=== Data under study ===
(* monotone composite V_r -> V_q (identity when r = q); conform_mx only
   transports along the (true) equality of dimensions (r - q) + q = r etc. *)
Definition monoB (q r : nat) : 'M[C]_(v q, v r) :=
  if (q <= r)%N then conform_mx 0 (goDown q (r - q))
  else conform_mx 0 (goUp r (q - r)).

(* B_{p,q,r} : V_r -> V_p, going from r monotonically to q, then monotonically to p *)
Definition pathB (p q r : nat) : 'M[C]_(v p, v r) := monoB p q *m monoB q r.
End Paths.

Definition LambdaA (C : fieldType) (n : nat) (v w : nat -> nat)
  (Bup : forall i, 'M[C]_(v i, v i.+1)) (Bdn : forall i, 'M[C]_(v i.+1, v i))
  (Gam : forall i, 'M[C]_(v i, w i)) (Del : forall i, 'M[C]_(w i, v i)) : Prop :=
  [/\ Bup 0 = 0, Bdn 0 = 0, Bdn (2 * n).-1 = 0, Bup (2 * n).-1 = 0 &
      (* equation at index i = m.+1, 1 <= i <= 2n-1 :
         B_{i,i+1}B_{i+1,i} = Bup i *m Bdn i ; B_{i,i-1}B_{i-1,i} = Bdn m *m Bup m *)
      forall m, (m.+1 <= (2 * n).-1)%N ->
        ((m.+1 <= n.-1)%N -> Bup m.+1 *m Bdn m.+1 - Bdn m *m Bup m = Gam m.+1 *m Del m.+1) /\
        (m.+1 = n -> - (Bdn m *m Bup m) - Bup m.+1 *m Bdn m.+1 = Gam m.+1 *m Del m.+1) /\
        ((n.+1 <= m.+1)%N -> Bdn m *m Bup m - Bup m.+1 *m Bdn m.+1 = Gam m.+1 *m Del m.+1)].
Lemma xsum_ext g h n : (forall i, g i = h i) -> xsum g n = xsum h n.
Proof.
  revert g h; induction n as [|n IH]; simpl; intros g h E; auto.
  rewrite E. f_equal. now apply IH.
Qed.

Lemma xsumD g a b : xsum g (a + b) = xorb (xsum g a) (xsum (fun i => g (a + i)) b).
Proof.
  revert g; induction a as [|a IH]; simpl; intros g.
  - now apply xsum_ext.
  - now rewrite IH, xorb_assoc.
Qed.

Fixpoint alt_word s t n : list W :=
  match n with 0 => [] | S k => s :: t :: alt_word s t k end.

Lemma wprod_alt_word s t n : wprod (alt_word s t n) = gpow (s ** t) n.
Proof. induction n as [|n IH]; simpl; auto. rewrite IH. now gsimpl. Qed.

(* The reflection sequence of [s t s t ...] (length 2n) is [(st)^i s], i < 2n. *)
Lemma refl_parity_alt_word s t n r : s ** s = gone -> t ** t = gone ->
  refl_parity (alt_word s t n) r = xsum (fun i => eqc (gpow (s ** t) i ** s) r) (n + n).
Proof.
  intros Hs Ht. revert r; induction n as [|n IH]; intros r; simpl; auto.
  rewrite Nat.add_succ_r. simpl. f_equal.
  - apply eqc_iff. gsimpl. tauto.
  - f_equal.
    + apply eqc_iff. gsimpl. split; intro E.
      * rewrite E. now gsimpl.
      * rewrite <- E. now gsimpl.
    + rewrite IH. apply xsum_ext. intro i. apply eqc_iff. simpl.
      set (X := gpow (s ** t) i).
      assert (C : forall y, X ** (s ** (t ** y)) = s ** (t ** (X ** y))).
      { intro y. replace (X ** (s ** (t ** y))) with (X ** (s ** t) ** y) by now gsimpl.
        unfold X. rewrite gpow_commute. now gsimpl. }
      split; intro E.
      * gsimpl. rewrite <- (C s), <- (gmulA_r X s), E. now gsimpl.
      * rewrite <- E. gsimpl. rewrite <- (C t). now gsimpl.
Qed.

Lemma pfun_gpow_tits_perm s t n :
  pfun (@gpow (perm_group (W * bool)) (@gmul (perm_group _) (tits_perm s) (tits_perm t)) n) =
  tits_word (alt_word s t n).
Proof.
  induction n as [|n IH]; simpl; auto. apply functional_extensionality; intro x.
  now rewrite <- IH.
Qed.

Lemma tits_perm_dihedral s t n : s ** s = gone -> t ** t = gone -> gpow (s ** t) n = gone ->
  @gpow (perm_group (W * bool)) (@gmul (perm_group _) (tits_perm s) (tits_perm t)) n = gone.
Proof.
  intros Hs Ht Hn. apply perm_ext_fun. rewrite pfun_gpow_tits_perm.
  apply functional_extensionality. intros [r e].
  assert (HF : Forall (fun a => a ** a = gone) (alt_word s t n))
    by (clear Hn; induction n; simpl; auto).
  rewrite (tits_wordE _ _ _ _ (fun a Ha => Ha) HF), wprod_alt_word, Hn.
  gsimpl. rewrite refl_parity_alt_word, xsumD by auto.
  rewrite (xsum_ext (fun i => eqc (gpow (s ** t) (n + i) ** s) r)
                    (fun i => eqc (gpow (s ** t) i ** s) r)).
  - now rewrite xorb_nilpotent, xorb_false_r.
  - intro i. now rewrite gpowD, Hn, gmul1l.
Qed.

End TitsRepresentation.

Lemma refl_parity_delete {W : Group} (X : W -> Prop) L r :
  involutions X -> Forall X L -> refl_parity L r = true ->
  exists L1 a L2, L = L1 ++ a :: L2 /\ r ** wprod L = wprod (L1 ++ L2).
Proof.
  intros HX HL. revert r. induction HL as [|a L Ha HL IH]; simpl; intros r Hp; [discriminate|].
  pose proof (HX a Ha) as Haa. destruct (eqc a r) eqn:D.
  - apply eqc_true in D. subst. exists [], r, L. split; auto. simpl. now gsimpl.
  - destruct (IH _ Hp) as (L1 & b & L2 & -> & E).
    exists (a :: L1), b, L2. split; auto. simpl. rewrite <- E. now gsimpl.
Qed.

=== Task goal ===
Each line that includes the string "xsumD" should be copied from the data.

=== Answer to the exercise ===
Lemma xsumD g a b : xsum g (a + b) = xorb (xsum g a) (xsum (fun i => g (a + i)) b).
  gsimpl. rewrite refl_parity_alt_word, xsumD by auto.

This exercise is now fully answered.